§ DATA FOR PROCESSING
(* Fix an arm j and consider the potential ln (\sum_i w i) - ln (w j), which is
   nonnegative and equals ln K for the initial weights.  REX3 multiplies w i by
   expR (eta * c i) with eta = gamma / K, where the importance-weighted estimate c i
   has expectation x i - g over the drawn pair, g being the expected reward of the
   round.  Every probability is at least eta, so eta * c i <= 1/2; then
   expR y <= 1 + y + 2 y^2 and ln y <= y - 1 bound the expected growth of
   ln (\sum_i w i) by eta^2 / (1 - gamma) * (3 K g + \sum_i x i).  Telescoping the
   potential over the T rounds gives
   G_j - E G_alg <= K ln K / gamma + 8 gamma Gmax,
   and since tau = e Gmax - (4 - e) Gmin lies between Gmax / 2 and 4 T, the tuned
   gamma makes both terms O(sqrt (K ln K T)). *)

Section PairSums.
Variables (R : comPzRingType) (n : nat) (u v : 'I_n -> R).

Lemma sum_pairs_prod (f g : 'I_n -> R) :
  \sum_a \sum_b f a * g b = (\sum_a f a) * (\sum_b g b).
Proof. by rewrite big_distrlr. Qed.

Lemma sum_pairs_snd (f : 'I_n -> R) : \sum_(a < n) \sum_b f b = n%:R * \sum_b f b.
Proof. by rewrite sumr_const card_ord mulr_natl. Qed.

Lemma sum_pairs_fst (f : 'I_n -> R) : \sum_a \sum_(b < n) f a = n%:R * \sum_a f a.
Proof. by rewrite exchange_big sum_pairs_snd. Qed.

§ WORK ITEM
Show every line of the listing in which the string "Proof" can be found.

§ RESPONSE
Proof. by rewrite big_distrlr. Qed.
Proof. by rewrite sumr_const card_ord mulr_natl. Qed.
Proof. by rewrite exchange_big sum_pairs_snd. Qed.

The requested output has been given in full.